Geneviève Lamoureux, who spoke with us about her research, has asked that we preserve the marks of her stuttering in our article in order to better represent her.

“Communic-cational diversity is a form of neurodiversity – which includes for example autism, attention deficit disorder and dyslexia – and suggests that our neu-eurological differences can be seen as something other than lim-mitations”, she explains. “These differences can prove to be en-en-enriching for s-society”.


Lamoureux’s research is being supervised by Ingrid Verduyckt, an associate professor in the École d’orthophonie et d’audiologie, and by Luci-Ménard, a full professor in the Département de linguistique at the Université du Québec à Montréal (UQAM). It is, in addition, a research-action project, meaning an approach to scientific research which involves the participants concerned as experts in their own reality and makes it possible to propose concrete transformative actions concerning the object of study.

Geneviève Lamoureux thus hopes to “establish principles for accurate depictions by creating tools and resources (written and audiovisual) to inform and raise the awareness of media professionals, such as journalists and scr-scriptwriters, so that they are able to a-adapt our realities to their own”. Several studies are being carried out, she remarks, with discussion groups made up of people who stutter, their friends and family, speech therapists, and interivews with media professionals.

This year, she is beginning new research with the support of cinEXmedia: “We want, first of all, to establish principles, like good practices with respect to communicational diversity, and to examine a body of films to study the extent to which these principles are observed. This will enable us to h-have access to concrete examples and counter-examples”. She emphasises that in films stuttering is often reduced to stereotypes. 

Appreciate the Beauty

“The way communication dis-disabilities are depicted in the media today is to make them in-in-invisible. No one speaks of them. To make them in-in-invisible is a form of mar-marginalization. When something isn’t shown, it’s like you aren’t worthy of e-existing in these spaces”, Lamoureux laments.

This is why she is interrogating the notions communicational diversity and diverse abilities in her work. The importance of the latter is also recognized by the Canada Research Chair in Cultural Citizenship of Deaf People and Cultural Equity Practices, based at UQAM.
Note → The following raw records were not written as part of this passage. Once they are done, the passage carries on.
(* Read a Dyck path through its first-return decomposition U l D r, i.e. as a
   binary tree.  A path with even terminal descent ends in a prime component
   U (S U P D) D, where P again has even terminal descent; writing R for the
   rest of the path, phi (R U S U P D D) = U U R D S D phi(P) is a
   semilength-preserving bijection onto the paths without hills.  A path of A_n
   with k returns is C_1 ... C_(k-1) U (R U Q D) D with C_i = U Q_i D, and the
   odd descents of the C_i make every Q_i have even terminal descent; it is sent to
     phi(Q_1) U D ... phi(Q_(k-1)) U D phi(Q) U R D,
   of semilength n - 1.  Since the phi-images have no hills, the early hills of
   this path are exactly the k - 1 inserted U D, and they locate the
   decomposition, which makes the map invertible. *)

Lemma rel_sig_bijective (T U : Type) (P : T -> Prop) (Q : U -> Prop) (R : T -> U -> Prop) :
  (forall x, P x -> exists2 y, Q y & R x y) ->
  (forall y, Q y -> exists2 x, P x & R x y) ->
  (forall x y y', R x y -> R x y' -> y = y') ->
  (forall x x' y, R x y -> R x' y -> x = x') ->
  exists f : {x | P x} -> {y | Q y}, bijective f.
Proof.
move=> totl totr Rfun Rinj.
have [f Rf] : exists f : {x | P x} -> {y | Q y}, forall x, R (sval x) (sval (f x)).
  apply: (functional_choice (fun x y => R (sval x) (sval y))) => -[x Px].
  have [y Qy Rxy] := totl x Px.
  by exists (exist _ y Qy).
have [g Rg] : exists g : {y | Q y} -> {x | P x}, forall y, R (sval (g y)) (sval y).
  apply: (functional_choice (fun y x => R (sval x) (sval y))) => -[y Qy].
  have [x Px Rxy] := totr y Qy.
  by exists (exist _ x Px).
exists f, g => [x|y]; apply: eq_sig_hprop => [? ? ?|]; try exact: proof_irrelevance.
- exact: Rinj (Rg (f x)) (Rf x).
- exact: Rfun (Rf (g y)) (Rg y).
Qed.

Inductive tree := Leaf | Node of tree & tree.

(* The right spine of t lists the prime components U l D of encode t, so
   treturns, thills and tdescent below count returns and early hills and give
   the length of the terminal descent. *)
Fixpoint encode (t : tree) : path_t :=
  if t is Node l r then true :: encode l ++ false :: encode r else [::].

Fixpoint tsize (t : tree) : nat :=
  if t is Node l r then (tsize l + tsize r).+1 else 0.

Fixpoint tcat (t u : tree) : tree :=
  if t is Node l r then Node l (tcat r u) else u.

Definition is_leaf (t : tree) : bool := if t is Leaf then true else false.

Fixpoint treturns (t : tree) : nat :=
  if t is Node _ r then (treturns r).+1 else 0.

Fixpoint thills (t : tree) : nat :=
  if t is Node l r then (is_leaf l && ~~ is_leaf r) + thills r else 0.

Fixpoint tdescent (t : tree) : nat :=
  if t is Node l r then (if is_leaf r then (tdescent l).+1 else tdescent r) else 0.

(* The descent to ground level closing a component U l D has length
   tdescent l + 1. *)
Fixpoint odd_ground_descents (t : tree) : Prop :=
  if t is Node l r then (~~ is_leaf r -> ~~ odd (tdescent l)) /\ odd_ground_descents r
  else True.

Fixpoint hill_free (t : tree) : Prop :=
  if t is Node l r then ~~ is_leaf l /\ hill_free r else True.
(* Let $q:\mathbb{D}\to\mathbb{C}$, $q(z)=\frac{|1-z|^2}{1-|z|^2}$, and let $g,\tilde g$ be entire functions. Then for all $n\ge0$ and $z\in\mathbb{D}$, $$D^n(g\circ q)(z)=(-1)^n\frac{(1-\bar z)^{2n}}{(1-|z|^2)^n}(g^{(n)}\circ q)(z),\qquad \overline{D}^n(g\circ q)(z)=(-1)^n\frac{(1-z)^{2n}}{(1-|z|^2)^n}(g^{(n)}\circ q)(z),$$ and consequently $\overline{D}^n(g\circ q)\,D^n(\tilde g\circ q)=q^{2n}\,(g^{(n)}\circ q)\,(\tilde g^{(n)}\circ q)$.
   Context: $\mathbb{D}=\{z\in\mathbb{C}:|z|<1\}$. Peschl–Minda derivatives: for $z\in\mathbb{D}$ let $T_z(u)=(z+u)/(1+\bar z u)$; with $\partial=\frac12(\partial_x-i\partial_y)$ the Wirtinger derivative, for smooth $f:\mathbb{D}\to\mathbb{C}$ set $D^nf(z):=\partial_u^n(f\circ T_z)(0)$ and $\overline{D}^nf(z):=\overline{D^n(\bar f)(z)}$. (One has $D^{n+1}f(z)=(1-|z|^2)\,\partial^{n+1}\big[(1-|z|^2)^nf(z)\big]$.) *)

From Stdlib Require Import Reals.
From Coquelicot Require Export Coquelicot.
Open Scope C_scope.

Definition dX (h : C -> C) (u : C) : C :=
  (Derive (fun t => Re (h (u + RtoC t))) 0%R,
   Derive (fun t => Im (h (u + RtoC t))) 0%R).
Definition dY (h : C -> C) (u : C) : C :=
  (Derive (fun t => Re (h (u + Ci * RtoC t))) 0%R,
   Derive (fun t => Im (h (u + Ci * RtoC t))) 0%R).

Definition wirt (h : C -> C) : C -> C := fun u => / 2 * (dX h u - Ci * dY h u).
Definition wirt_n (n : nat) (h : C -> C) : C -> C := Nat.iter n wirt h.

Definition Tz (z u : C) : C := (z + u) / (1 + Cconj z * u).

Definition PM (n : nat) (f : C -> C) (z : C) : C := wirt_n n (fun u => f (Tz z u)) 0.
Definition PMbar (n : nat) (f : C -> C) (z : C) : C :=
  Cconj (PM n (fun w => Cconj (f w)) z).

Definition Cderiv_n (n : nat) (g : C -> C) : C -> C := Nat.iter n C_derive g.

Definition entire (g : C -> C) : Prop :=
  forall n z, ex_derive (K := C_AbsRing) (Cderiv_n n g) z.

Definition qfun (z : C) : C := RtoC ((Cmod (1 - z)) ^ 2 / (1 - (Cmod z) ^ 2))%R.

From Stdlib Require Import Reals Lra.
From Coquelicot Require Import Coquelicot.
Open Scope C_scope.

(* Fix z in the disc and put a = 1 - z, c = 1/(1 - |z|^2).  On the disc the
   pullback of q by T_z is the real function
       Q(w) = q(T_z w) = (a - ā w)(ā - a w̄) c / (1 - |w|^2)          [qfun_Tz]
   with Wirtinger derivative ∂Q(w) = -(ā - a w̄)^2 c / (1 - |w|^2)^2, whose
   own ∂ is divisible by w̄.  For phi_k = g^(k) (or its conjugate) the chain
   rule along real paths gives ∂(phi_k ∘ Q) = (phi_(k+1) ∘ Q) ∂Q, and an
   induction yields ∂^n(phi_0 ∘ Q)(w) = phi_n(Q w) (∂Q w)^n + w̄ Rem(w), where
   Rem lies in an algebra of expressions closed under Wirtinger
   differentiation [wirt_n_pullback].  At w = 0 this is
   D^n(g ∘ q)(z) = g^(n)(q z) (-(1 - z̄)^2/(1 - |z|^2))^n, the conjugate
   derivative is obtained with phi_k = conj ∘ g^(k), and the product formula
   follows from q(z) = |1 - z|^2/(1 - |z|^2). *)

Definition path_derive (f : R -> C) (t : R) (d : C) : Prop :=
  is_derive (K := R_AbsRing) (V := C_R_NormedModule) f t d.

Lemma path_derive_fst f t d : path_derive f t d -> is_derive (fun s => fst (f s)) t (fst d).
Proof.
  intros H. unfold path_derive, is_derive in *.
  pose proof (@filterdiff_comp R_AbsRing R_NormedModule C_R_NormedModule R_NormedModule
     (locally t) _ f (fun p => fst p) _ (fun p => fst p) H
     (filterdiff_linear _ (is_linear_fst (U := R_NormedModule) (V := R_NormedModule)))) as Hc.
  eapply filterdiff_ext_lin; [exact Hc | reflexivity].
Qed.

Lemma path_derive_snd f t d : path_derive f t d -> is_derive (fun s => snd (f s)) t (snd d).
Proof.
  intros H. unfold path_derive, is_derive in *.
  pose proof (@filterdiff_comp R_AbsRing R_NormedModule C_R_NormedModule R_NormedModule
     (locally t) _ f (fun p => snd p) _ (fun p => snd p) H
     (filterdiff_linear _ (is_linear_snd (U := R_NormedModule) (V := R_NormedModule)))) as Hc.
  eapply filterdiff_ext_lin; [exact Hc | reflexivity].
Qed.

Lemma path_derive_pair f t d :
  is_derive (fun s => fst (f s)) t (fst d) -> is_derive (fun s => snd (f s)) t (snd d) ->
  path_derive f t d.
Proof.
  intros H1 H2. unfold path_derive, is_derive in *.
  pose proof (@filterdiff_comp'_2 R_AbsRing R_NormedModule R_NormedModule R_NormedModule
    C_R_NormedModule (fun s => fst (f s)) (fun s => snd (f s)) (fun a b => (a, b)) t _ _
    (fun a b => (a, b)) H1 H2) as Hc.
  assert (Hpair : filterdiff (K := R_AbsRing)
     (fun p : prod_NormedModule R_AbsRing R_NormedModule R_NormedModule =>
        ((fst p, snd p) : C_R_NormedModule))
     (locally (fst (f t), snd (f t))) (fun p => ((fst p, snd p) : C_R_NormedModule))).
  { apply filterdiff_linear. split; [reflexivity | reflexivity |].
    exists 1%R. split; [lra |]. intros [x1 x2]. rewrite Rmult_1_l. apply Rle_refl. }
  eapply filterdiff_ext_lin.
  - eapply filterdiff_ext; [| exact (Hc Hpair)]. intros s. simpl. now destruct (f s).
  - intros y. simpl. now destruct d.
Qed.

Lemma path_derive_eq f t d d' : path_derive f t d -> d = d' -> path_derive f t d'.
Proof. now intros H <-. Qed.

Lemma path_derive_ext f g t d : (forall s, f s = g s) -> path_derive f t d -> path_derive g t d.
Proof. intros He H. unfold path_derive in *. eapply is_derive_ext; [exact He | exact H]. Qed.

Lemma path_derive_const c t : path_derive (fun _ => c) t 0.
Proof. apply path_derive_pair; apply (is_derive_const (K := R_AbsRing) (V := R_NormedModule)). Qed.

Lemma path_derive_RtoC t : path_derive RtoC t 1.
Proof.
  apply path_derive_pair; cbn.
  - apply (is_derive_id (K := R_AbsRing)).
  - apply (is_derive_const (K := R_AbsRing) (V := R_NormedModule)).
Qed.

Lemma path_derive_plus F G t dF dG :
  path_derive F t dF -> path_derive G t dG -> path_derive (fun s => F s + G s) t (dF + dG).
Proof.
  intros HF HG. apply path_derive_pair; cbn;
    apply (is_derive_plus (K := R_AbsRing) (V := R_NormedModule)).
  all: first [apply path_derive_fst | apply path_derive_snd]; assumption.
Qed.

Lemma path_derive_mult F G t dF dG : path_derive F t dF -> path_derive G t dG ->
  path_derive (fun s => F s * G s) t (dF * G t + F t * dG).
Proof.
  intros HF HG.
  pose proof (path_derive_fst _ _ _ HF) as F1. pose proof (path_derive_snd _ _ _ HF) as F2.
  pose proof (path_derive_fst _ _ _ HG) as G1. pose proof (path_derive_snd _ _ _ HG) as G2.
  assert (Hmul : forall u v du dv, is_derive u t du -> is_derive v t dv ->
            is_derive (fun s => u s * v s)%R t (du * v t + u t * dv)%R).
  { intros u v du dv Hu Hv.
    replace (du * v t + u t * dv)%R with (plus (mult du (v t)) (mult (u t) dv))
      by (unfold plus, mult; cbn; ring).
    apply (is_derive_mult (K := R_AbsRing)); [exact Hu | exact Hv | intros; apply Rmult_comm]. }
  apply path_derive_pair; cbn.
  - replace (fst dF * fst (G t) - snd dF * snd (G t) + (fst (F t) * fst dG - snd (F t) * snd dG))%R
      with ((fst dF * fst (G t) + fst (F t) * fst dG) - (snd dF * snd (G t) + snd (F t) * snd dG))%R
      by ring.
    apply (is_derive_minus (K := R_AbsRing) (V := R_NormedModule)); apply Hmul; assumption.
  - replace (fst dF * snd (G t) + snd dF * fst (G t) + (fst (F t) * snd dG + snd (F t) * fst dG))%R
      with ((fst dF * snd (G t) + fst (F t) * snd dG) + (snd dF * fst (G t) + snd (F t) * fst dG))%R
      by ring.
    apply (is_derive_plus (K := R_AbsRing) (V := R_NormedModule)); apply Hmul; assumption.
Qed.

Lemma path_derive_conj F t d : path_derive F t d -> path_derive (fun s => Cconj (F s)) t (Cconj d).
Proof.
  intros H. apply path_derive_pair; cbn.
  - now apply path_derive_fst.
  - apply (is_derive_opp (K := R_AbsRing) (V := R_NormedModule)). now apply path_derive_snd.
Qed.

Lemma line_at_0 (w v : C) : w + RtoC 0 * v = w.
Proof. destruct w, v; apply injective_projections; simpl; ring. Qed.

Lemma path_derive_line (w v : C) t : path_derive (fun s => w + RtoC s * v) t v.
Proof.
  eapply path_derive_eq.
  - apply path_derive_plus; [apply path_derive_const |].
    apply path_derive_mult; [apply path_derive_RtoC | apply path_derive_const].
  - cbv beta. ring.
Qed.

Lemma real_path_derive_real G t d :
  path_derive G t d -> (forall s, snd (G s) = 0%R) -> snd d = 0%R.
Proof.
  intros H Hr.
  assert (H0 : is_derive (fun s => snd (G s)) t 0%R).
  { eapply is_derive_ext; [intros s; symmetry; apply Hr |].
    apply (is_derive_const (K := R_AbsRing) (V := R_NormedModule)). }
  rewrite <- (is_derive_unique _ _ _ (path_derive_snd _ _ _ H)).
  exact (is_derive_unique _ _ _ H0).
Qed.

Lemma Cinv_RtoC (x : R) : / RtoC x = RtoC (/ x).
Proof.
  destruct (Req_dec x 0) as [-> | Hx].
  - rewrite Rinv_0. apply injective_projections; simpl; unfold Rdiv; rewrite ?Rinv_0; ring.
  - symmetry. now apply RtoC_inv.
Qed.

Lemma path_derive_inv_real G t d : path_derive G t d -> (forall s, snd (G s) = 0%R) ->
  fst (G t) <> 0%R -> path_derive (fun s => / G s) t (- d / (G t * G t)).
Proof.
  intros H Hr Hn.
  assert (HG : forall s, G s = RtoC (fst (G s))).
  { intros s. specialize (Hr s). destruct (G s); simpl in *; now subst. }
  assert (Hd : d = RtoC (fst d)).
  { pose proof (real_path_derive_real _ _ _ H Hr). destruct d; simpl in *; now subst. }
  apply path_derive_ext with (f := fun s => RtoC (/ fst (G s))).
  { intros s. now rewrite (HG s) at 2; rewrite Cinv_RtoC. }
  apply path_derive_eq with (d := RtoC (- fst d / (fst (G t)) ^ 2)).
  - apply path_derive_pair; cbn.
    + apply is_derive_inv; [now apply path_derive_fst | exact Hn].
    + apply (is_derive_const (K := R_AbsRing) (V := R_NormedModule)).
  - rewrite Hd, (HG t), <- RtoC_mult, <- RtoC_opp, <- RtoC_div.
    + simpl. now rewrite Rmult_1_r.
    + now apply Rmult_integral_contrapositive_currified.
Qed.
Diverse ability “applies in particular to the body, to people in wh-wheelchairs who are deaf”, Lamoureux continues. “The Chair carries out research on this r-richness, but mostly with respect to the performing arts. For example, it may be a question of a silent s-s-stage play, where you don't express yourself with spoken language, but with sign language”.

The concepts communicational diversity and diverse ability should also be employed in the media, according to Lamoureux: “They make possible a more valuable connection w-with vulnerability and greater patience with the other”. She would also like the media to avoid correcting stuttering so that the public can appreciate “the beauty of this way of spe-speaking”.

Beyond the Walls of the University

Since October 2020, Geneviève Lamoureux has co-hosted and co-produced the podcast Je je je suis un podcast, with the speech therapist Judith Labonté. There they take up stuttering and use their platform like a kind of liberation of speech. More than 49 episodes are already available on their YouTube page. The podcast is produced in collaboration with the Association bégaiement communication, which works with adults who stutter and with whom Lamoureux first began volunteering in 2015.

For her doctoral studies, Lamoureux has also received a Dialogue grant from the Fonds de recherche du Québec in order to organize events for disseminating her knowledge and research among a variety of audiences.

In this way Geneviève Lamoureux is fighting against the forms of discrimination which people with a speech disorder undergo on a daily basis. “Pe-pe-people va-valorize fluid communication skills in the media, without considering that this is something that not ev-everyone has”, she laments, hoping to be able to contribute, if only modestly, to bringing about change.